Stored data
(* Let $\lambda_1,\ldots,\lambda_k$ be integers, let $n_1,\ldots,n_k$ be positive integers and let $a_1,\ldots,a_k$ be integers with $0\leqslant a_s<n_s$ for each $s$. Let $p$ be a prime with $p>|S(n_1,\ldots,n_k)|$ and let $\zeta_p$ be any primitive $p$th root of unity. Then $$\sum_{\substack{1\leqslant s\leqslant k\\ x\equiv a_s \pmod{n_s}}}\lambda_s=0\quad\text{for all }x\in\mathbb Z$$ if and only if $$\sum_{s=1}^k\lambda_s\frac{\zeta_p^{a_s}}{1-\zeta_p^{n_s}}=0.$$
   Context: For positive integers $n_1,\ldots,n_k$, $S(n_1,\ldots,n_k)=\{r/n_s: r=0,\ldots,n_s-1;\ s=1,\ldots,k\}$, a set of rational numbers, and $|S(\cdot)|$ denotes its cardinality. *)

From mathcomp Require Import all_boot all_order all_algebra all_field.
Set Implicit Arguments. Unset Strict Implicit. Unset Printing Implicit Defensive.
Import Order.TTheory GRing.Theory Num.Theory.

(* S(n_1,...,n_k) = { r/n_s : 0 <= r < n_s, 1 <= s <= k } as a duplicate-free
   list of rationals; its cardinality is the size of this list. *)
Definition Sset (k : nat) (n : 'I_k -> nat) : seq rat :=
  undup (flatten [seq [seq ((r%:R : rat) / (n s)%:R)%R | r <- iota 0 (n s)] | s <- enum 'I_k]).

Definition card_S (k : nat) (n : 'I_k -> nat) : nat := size (Sset n).

From mathcomp Require Import all_boot all_order all_algebra all_field.
Import Order.TTheory GRing.Theory Num.Theory.
From mathcomp Require Import ring.
Set Implicit Arguments. Unset Strict Implicit. Unset Printing Implicit Defensive.
Local Open Scope ring_scope.

(* Let N = n_1 ... n_k and w(x) = sum of the lambda_s over the s with
   x = a_s (mod n_s); w is N-periodic, and its generating polynomial
   P(z) = sum_(x < N) w(x) z^x equals (1 - z^N) R(z), where
   R(z) = sum_s lambda_s z^(a_s) / (1 - z^(n_s)).  Since p > n_s, zeta^N <> 1,
   so w = 0 forces R(zeta) = 0.  Conversely P has integer coefficients, so if
   R(zeta) = 0 then R vanishes at all p - 1 primitive p-th roots of unity.
   For a primitive N-th root omega, D(z) = prod_(q in S) (z - omega^(qN)) is a
   common multiple of the z^(n_s) - 1 of degree |S| < p, and D R is a
   polynomial of degree < |S| with p - 1 >= |S| roots, hence zero.  So R
   vanishes away from the N-th roots of unity, P vanishes at every integer
   >= 2, and w = 0. *)

Lemma sum_expr_mod (R : comNzRingType) (z : R) (m n a : nat) : (a < n)%N ->
  \sum_(x < m * n | (x %% n == a)%N) z ^+ x = z ^+ a * \sum_(j < m) (z ^+ n) ^+ j.
Proof.
move=> a_lt_n; elim: m => [|m IHm]; first by rewrite mul0n !big_ord0 mulr0.
rewrite big_ord_recr /= mulrDr -IHm -exprM -exprD.
rewrite -(big_mkord (fun x => (x %% n == a)%N)) mulSn addnC.
rewrite (@big_cat_nat _ _ _ (m * n)) ?leq_addr //= big_mkord; congr (_ + _).
rewrite -{1}(add0n (m * n)%N) big_addn addKn big_mkord.
rewrite (bigD1 (Ordinal a_lt_n)) /=; last by rewrite addnC modnMDl modn_small.
rewrite big1 ?addr0; first by rewrite mulnC.
move=> i /andP[]; rewrite addnC modnMDl modn_small // => /eqP ia /eqP[].
exact: val_inj.
Qed.

Lemma sub1r_mul_sum_expr_mod (R : comNzRingType) (z : R) (m n a : nat) : (a < n)%N ->
  (1 - z ^+ n) * \sum_(x < m * n | (x %% n == a)%N) z ^+ x = z ^+ a * (1 - z ^+ (m * n)).
Proof.
move=> a_lt_n; rewrite sum_expr_mod // mulrCA; congr (_ * _).
rewrite mulnC exprM -[1 - _]opprB -[1 - (_ ^+ m)]opprB mulNr.
by rewrite (subrX1 (z ^+ n) m).
Qed.

Definition frac_sum (F : fieldType) (k : nat) (lam : 'I_k -> F) (n a : 'I_k -> nat)
    (z : F) : F :=
  \sum_(s < k) lam s * z ^+ a s / (1 - z ^+ n s).

Definition residue_weight (V : nmodType) (k : nat) (lam : 'I_k -> V) (n a : 'I_k -> nat)
    (x : nat) : V :=
  \sum_(s < k | (x %% n s == a s)%N) lam s.

Definition residue_poly (R : nzRingType) (k : nat) (lam : 'I_k -> R) (n a : 'I_k -> nat)
    (N : nat) : {poly R} :=
  \poly_(x < N) residue_weight lam n a x.

Lemma horner_residue_poly (F : fieldType) (k : nat) (lam : 'I_k -> F) (n a : 'I_k -> nat)
    (N : nat) (y : F) :
  (forall s, a s < n s)%N -> (forall s, n s %| N)%N -> (forall s, y ^+ n s != 1) ->
  (residue_poly lam n a N).[y] = (1 - y ^+ N) * frac_sum lam n a y.
Proof.
move=> a_lt_n n_dvd_N y_nonpole; rewrite horner_poly /frac_sum mulr_sumr.
transitivity (\sum_(s < k) lam s * \sum_(x < N | (x %% n s == a s)%N) y ^+ x).
  under eq_bigr => x _ do rewrite /residue_weight mulr_suml big_mkcond.
  rewrite exchange_big /=; apply: eq_bigr => s _; rewrite mulr_sumr [RHS]big_mkcond.
  by apply: eq_bigr => x _; case: ifP; rewrite ?mul0r ?mulr0.
apply: eq_bigr => s _.
have denom_neq0 : 1 - y ^+ n s != 0 by rewrite subr_eq0 eq_sym.
have := sub1r_mul_sum_expr_mod y (N %/ n s) (a_lt_n s); rewrite divnK // => geom.
rewrite -[X in lam s * X](mulKf denom_neq0) geom.
by move: (lam s) (y ^+ a s) (y ^+ N) (y ^+ n s) denom_neq0 => l ya yN yn ?; field.
Qed.

Lemma Xn_sub1_dvdp_prod_XsubC (F : fieldType) (N n : nat) (w : F) (L : seq nat) :
  N.-primitive_root w -> (n %| N)%N -> (forall r, r < n -> r * (N %/ n) \in L)%N ->
  ('X^n - 1) %| \prod_(x <- [seq w ^+ e | e <- L]) ('X - x%:P).
Proof.
move=> w_prim n_dvd_N L_exps; have w_n := dvdn_prim_root w_prim n_dvd_N.
rewrite -(factor_Xn_sub_1 w_n) /index_iota subn0.
rewrite -(big_map (fun i => w ^+ (N %/ n) ^+ i) xpredT (fun x => 'X - x%:P)).
apply: uniq_roots_dvdp.
  apply/allP => x /mapP[i]; rewrite mem_iota add0n => /andP[_ i_lt_n] ->.
  by rewrite root_prod_XsubC -exprM mulnC map_f ?L_exps.
rewrite uniq_rootsE map_inj_in_uniq ?iota_uniq // => i j.
rewrite !mem_iota !add0n => /andP[_ i_lt_n] /andP[_ j_lt_n] /eqP.
by rewrite (eq_prim_root_expr w_n) !modn_small // => /eqP.
Qed.
Lemma forbidden_card_ge2 C s t :
  code_conventions C -> forbidden C s t -> (2 <= #|s| + #|t|)%N.
Proof.
case=> C0 Ccover _ fst; rewrite leqNgt; apply/negP => small.
have [s0 | [x xs]] := set_0Vmem s.
  by have := fst _ C0; rewrite s0 !inE !sub0set.
have s_gt0 : (0 < #|s|)%N by apply/card_gt0P; exists x.
have card_s : #|s| = 1%N by lia.
have Es : s = [set x] by apply/esym/eqP; rewrite eqEcard sub1set xs cards1 card_s.
have Et : t = set0 by apply/eqP; rewrite -cards_eq0; lia.
have [c cC xc] := Ccover x.
by have := fst c cC; rewrite Es Et !inE sub1set xc setC0 subsetT.
Qed.

Lemma minimal_forbidden_trivial_code s t :
  minimal_forbidden [set set0] s t -> #|s| = 1%N /\ t = set0.
Proof.
case=> fst minst.
have [s0 | [x xs]] := set_0Vmem s.
  by have := fst _ (set11 _); rewrite s0 !inE !sub0set.
have [<- <-] : [set x] = s /\ set0 = t.
  apply: minst; rewrite ?sub1set ?sub0set // => c /set1P ->.
  by rewrite !inE sub1set inE.
by rewrite cards1.
Qed.

Lemma in_interval_setD1 c a b i :
  i \notin a -> c \in interval a (~: (b :\ i)) -> c :\ i \in interval a (~: b).
Proof.
move=> ia; rewrite !inE subsetD1 ia andbT => /andP [ac cb]; rewrite ac /=.
apply/subsetP => x; rewrite !inE => /andP [xi xc].
by move/subsetP: cb => /(_ x xc); rewrite !inE xi.
Qed.

Lemma in_interval_setD1_notin c a b i : i \notin a -> i \notin b ->
  (c :\ i \in interval a (~: b)) = (c \in interval a (~: b)).
Proof.
move=> ia ib; rewrite !inE subsetD1 ia andbT; congr andb.
apply/subsetP/subsetP => cb x xc.
  have [-> | xi] := eqVneq x i; first by rewrite inE.
  by apply: cb; rewrite !inE xi.
by apply: cb; move: xc; rewrite inE => /andP [].
Qed.

Lemma forbidden_setD1 C a b i :
  code_remove i C \subset C -> i \notin a -> forbidden C a b -> forbidden C a (b :\ i).
Proof.
move=> remC ia fab c cC; apply/negP => /(in_interval_setD1 ia); apply/negP/fab.
by apply: (subsetP remC); apply: imset_f.
Qed.

Lemma minimal_forbidden_notin C a b i :
  code_remove i C \subset C -> i \notin a -> minimal_forbidden C a b -> i \notin b.
Proof.
move=> remC ia [fab minab].
have [_ <-] := minab a (b :\ i) (subxx a) (subD1set b i) (forbidden_setD1 remC ia fab).
by rewrite !inE eqxx.
Qed.

Lemma forbidden_code_remove C a b i : i \notin a -> i \notin b ->
  forbidden (code_remove i C) a b <-> forbidden C a b.
Proof.
move=> ia ib; split=> fab c cC.
  by rewrite -(in_interval_setD1_notin c ia ib); apply: fab; apply: imset_f.
by case/imsetP: cC => c0 c0C ->; rewrite in_interval_setD1_notin // fab.
Qed.

Lemma minimal_forbidden_code_remove C a b i : i \notin a -> i \notin b ->
  minimal_forbidden C a b -> minimal_forbidden (code_remove i C) a b.
Proof.
move=> ia ib [fab minab]; split=> [|a' b' aa' bb' fab'].
  exact/(forbidden_code_remove C ia ib).
have ia' : i \notin a' := contra (subsetP aa' i) ia.
have ib' : i \notin b' := contra (subsetP bb' i) ib.
exact: minab aa' bb' ((forbidden_code_remove C ia' ib').1 fab').
Qed.

Section Piercing.
Variables (C : code n) (i : 'I_n) (lo hi : {set 'I_n}).
Hypotheses (lo_hi : lo \subset hi)
  (C_def : C = code_remove i C :|: [set g :|: [set i] | g in interval lo hi]).

Lemma pierced_codeword c :
  c \in C -> i \in c -> exists2 g, g \in interval lo hi & c = g :|: [set i].
Proof.
rewrite {1}C_def in_setU => /orP [/imsetP [c0 _ ->] | /imsetP [g gI ->]].
  by rewrite !inE eqxx.
by exists g.
Qed.

Lemma pierced_codeword_mem g : g \in interval lo hi -> g :|: [set i] \in C.
Proof. by move=> gI; rewrite C_def in_setU; apply/orP; right; apply: imset_f. Qed.

Lemma pierced_forbidden_pair k : k != i -> k \notin hi -> forbidden C [set i; k] set0.
Proof.
move=> ki khi c cC; rewrite !inE setC0 subsetT andbT subUset !sub1set.
apply/negP => /andP [ic kc].
have [g] := pierced_codeword cC ic; rewrite inE => /andP [_ ghi] Ec.
move: kc; rewrite Ec !inE (negbTE ki) orbF => /(subsetP ghi).
by rewrite (negbTE khi).
Qed.

Lemma pierced_forbidden_sep j : j \in lo -> forbidden C [set i] [set j].
Proof.
move=> jlo c cC; rewrite !inE sub1set; apply/negP => /andP [ic cj].
have [g] := pierced_codeword cC ic; rewrite inE => /andP [log _] Ec.
have : j \in c by rewrite Ec inE (subsetP log j jlo).
by move/(subsetP cj); rewrite !inE eqxx.
Qed.

Lemma pierced_not_forbidden a b :
  i \in a -> [disjoint a & b] -> a :\ i \subset hi -> [disjoint b & lo] ->
  ~ forbidden C a b.
Proof.
move=> ia dab ahi dblo fab.
set g := a :\ i :|: lo.
have gI : g \in interval lo hi by rewrite inE subsetUr subUset ahi lo_hi.
apply/negP: (fab _ (pierced_codeword_mem gI)).
rewrite negbK inE; apply/andP; split.
  apply/subsetP => x xa; rewrite !inE xa andbT.
  by case: (x == i); rewrite ?orbT.
rewrite !subUset sub1set inE (disjointFr dab ia) -!disjoints_subset.
by rewrite (disjointWl (subD1set a i) dab) disjoint_sym dblo.
Qed.

Lemma pierced_minimal_forbidden_card a b :
  i \in a -> [disjoint a & b] -> minimal_forbidden C a b -> (#|a| + #|b| = 2)%N.
Proof.
move=> ia dab [fab minab].
have [ahi | /subsetPn [k]] := boolP (a :\ i \subset hi); last first.
  rewrite !inE => /andP [ki ka] khi.
  have [<- <-] : [set i; k] = a /\ set0 = b.
    apply: (minab _ _ _ _ (pierced_forbidden_pair ki khi)); rewrite ?sub0set //.
    by rewrite subUset !sub1set ia ka.
  by rewrite cards2 cards0 eq_sym ki.
have [blo0 | [j]] := set_0Vmem (b :&: lo).
  by case: (pierced_not_forbidden ia dab ahi _ fab); rewrite -setI_eq0 blo0.
rewrite inE => /andP [jb jlo].
have [<- <-] : [set i] = a /\ [set j] = b.
  by apply: (minab _ _ _ _ (pierced_forbidden_sep jlo)); rewrite sub1set.
by rewrite !cards1.
Qed.

End Piercing.

Lemma k_ind_pierced_minimal_forbidden_card k C s t :
  k_ind_pierced k C -> [disjoint s & t] -> minimal_forbidden C s t ->
  (#|s| + #|t| <= 2)%N.
Proof.
move=> Ck; elim: Ck s t => {C} [|C i k' _ [lo [hi [lo_hi _ _ _ C_def]]] _ IH] s t dst mst.
  by have [-> ->] := minimal_forbidden_trivial_code mst; rewrite cards0.
have remC : code_remove i C \subset C by rewrite {2}C_def subsetUl.
have [ins | nis] := boolP (i \in s).
  by rewrite (pierced_minimal_forbidden_card lo_hi C_def ins dst mst).
have nit := minimal_forbidden_notin remC nis mst.
exact: IH dst (minimal_forbidden_code_remove nis nit mst).
Qed.

End NeuralIdeal.

Theorem proposition1p4 (n : nat) (C : code n) :
  code_conventions C -> ind_pierced C -> degree_two C.
Proof.
move=> conv [k Ck] f Cf; have [[s [t [dst Ef]]] _ _] := Cf.
rewrite Ef in Cf *; have mst := canonical_form_minimal_forbidden dst Cf.
rewrite /mpoly_degree msize_pmono /=; apply/eqP; rewrite eqn_leq.
rewrite (k_ind_pierced_minimal_forbidden_card Ck dst mst).
exact: forbidden_card_ge2 conv mst.1.
Qed.
(* Let $m\ge 1$ and let $G$ be the complement of the path graph $P_{2m}$, i.e., the simple graph on vertices $\{1,\dots,2m\}$ in which distinct vertices $i,j$ are adjacent if and only if $|i-j|\ge 2$. Then the number of perfect matchings of $G$ equals $$\sum_{k=0}^{m}(-1)^{m-k}\frac{(m+k)!}{k!\,(m-k)!\,2^{k}}.$$
   Context: A perfect matching of a graph on $2m$ vertices is a set of $m$ edges, no two of which share a vertex. *)

From HB Require Import structures.
From mathcomp Require Import all_boot all_order all_algebra.
Set Implicit Arguments. Unset Strict Implicit. Unset Printing Implicit Defensive.

(* Vertices 1..2m are represented by 'I_(2m) = {0,...,2m-1} (shift by one,
   which does not affect |i - j|). *)

Definition compl_path_adj (n : nat) : rel 'I_n :=
  fun i j => (i.+2 <= j) || (j.+2 <= i).

Definition perfect_matching (n : nat) (adj : rel 'I_n) (M : {set {set 'I_n}}) : bool :=
  [forall e in M, exists i, exists j, adj i j && (e == [set i; j])] &&
  [forall v, #|[set e in M | v \in e]| == 1].

From HB Require Import structures.
From mathcomp Require Import all_boot all_order all_algebra.
From mathcomp Require Import zify ring.
Set Implicit Arguments. Unset Strict Implicit. Unset Printing Implicit Defensive.
Import GRing.Theory Num.Theory.
Theorem corollary4p6 (R : realType) (eps hb U : R)
  (u ups p1 p2 : int * int -> R) (k : R * R) (lam : R[i]) :
  0 <= eps -> 0 <= hb -> hb <= 1 / 2 -> 0 <= U ->
  (forall x, 0 <= u x) ->
  rot_invariant u -> rot_invariant ups -> rot_invariant p1 -> rot_invariant p2 ->
  abs_summable u -> abs_summable ups ->
  (exists2 alpha0 : R, 0 < alpha0 &
     abs_summable (fun x => expR (alpha0 * normZ2 x) * p1 x) /\
     abs_summable (fun x => expR (alpha0 * normZ2 x) * p2 x)) ->
  (forall x : int * int, ~ ((2 %| x.1)%Z /\ (2 %| x.2)%Z) -> p2 x = 0) ->
  (exists x, p1 x + p2 x <> 0) ->
  (forall k' : R * R, T2 k' -> exists x,
     ((p2 x)%:C <> - cexpi (dotZ k' x / 2) * (p1 x)%:C)%C) ->
  T2 k ->
  in_resolvent (A11 eps u U k) lam ->
  A_eigenvalue eps hb u U ups p1 p2 k lam ->
  forall psi : R * R -> R[i], L2 psi ->
    aeq (fun p => A11 eps u U k psi p - lam * psi p) (dfun p1 p2 k) ->
    (* the eigenspace of lam is C g(k,lam), g = (ups^(k) psi, -1) *)
    forall (phi : R * R -> R[i]) (z : R[i]), L2 phi ->
      (A_eigeq eps hb u U ups p1 p2 k lam phi z <->
       exists c : R[i], aeq phi (fun p => c * (fhat ups k * psi p)) /\ z = c * (-1)).
Proof.
move=> _ _ _ _ _ _ _ _ _ u_summable _ [a a0 [p1w p2w]] _ _ _ _ [lam_inj _ _].
case=> phi0 [z0 [L2phi0 [nontrivial eig0]]] psi L2psi psi_eq phi z L2phi.
have p1s := abs_summable_exp_weight a0 p1w.
have p2s := abs_summable_exp_weight a0 p2w.
have z0_neq0 := eigvec_second_component_neq0 u_summable L2psi psi_eq lam_inj
  L2phi0 nontrivial eig0.
have secular := eigvec_secular_eq u_summable p1s p2s L2psi psi_eq lam_inj
  L2phi0 z0_neq0 eig0.
split=> [eig | [c [phi_psi ->]]].
- exists (- z); split; last by rewrite mulrN1 opprK.
  by have := eigvec_first_component u_summable L2psi psi_eq lam_inj L2phi eig; apply.
- by have := eigvec_of_multiple u_summable p1s p2s L2psi psi_eq secular L2phi phi_psi;
    apply.
Qed.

Task prompt — Beginning at the line with "by rewrite (subrX1 (z ^+ n) m)." and stopping after the line with "s / (1 - z ^+ n s).", please write out every line of the data above exactly and nothing else.

Solution —
by rewrite (subrX1 (z ^+ n) m).
Qed.

Definition frac_sum (F : fieldType) (k : nat) (lam : 'I_k -> F) (n a : 'I_k -> nat)
    (z : F) : F :=
  \sum_(s < k) lam s * z ^+ a s / (1 - z ^+ n s).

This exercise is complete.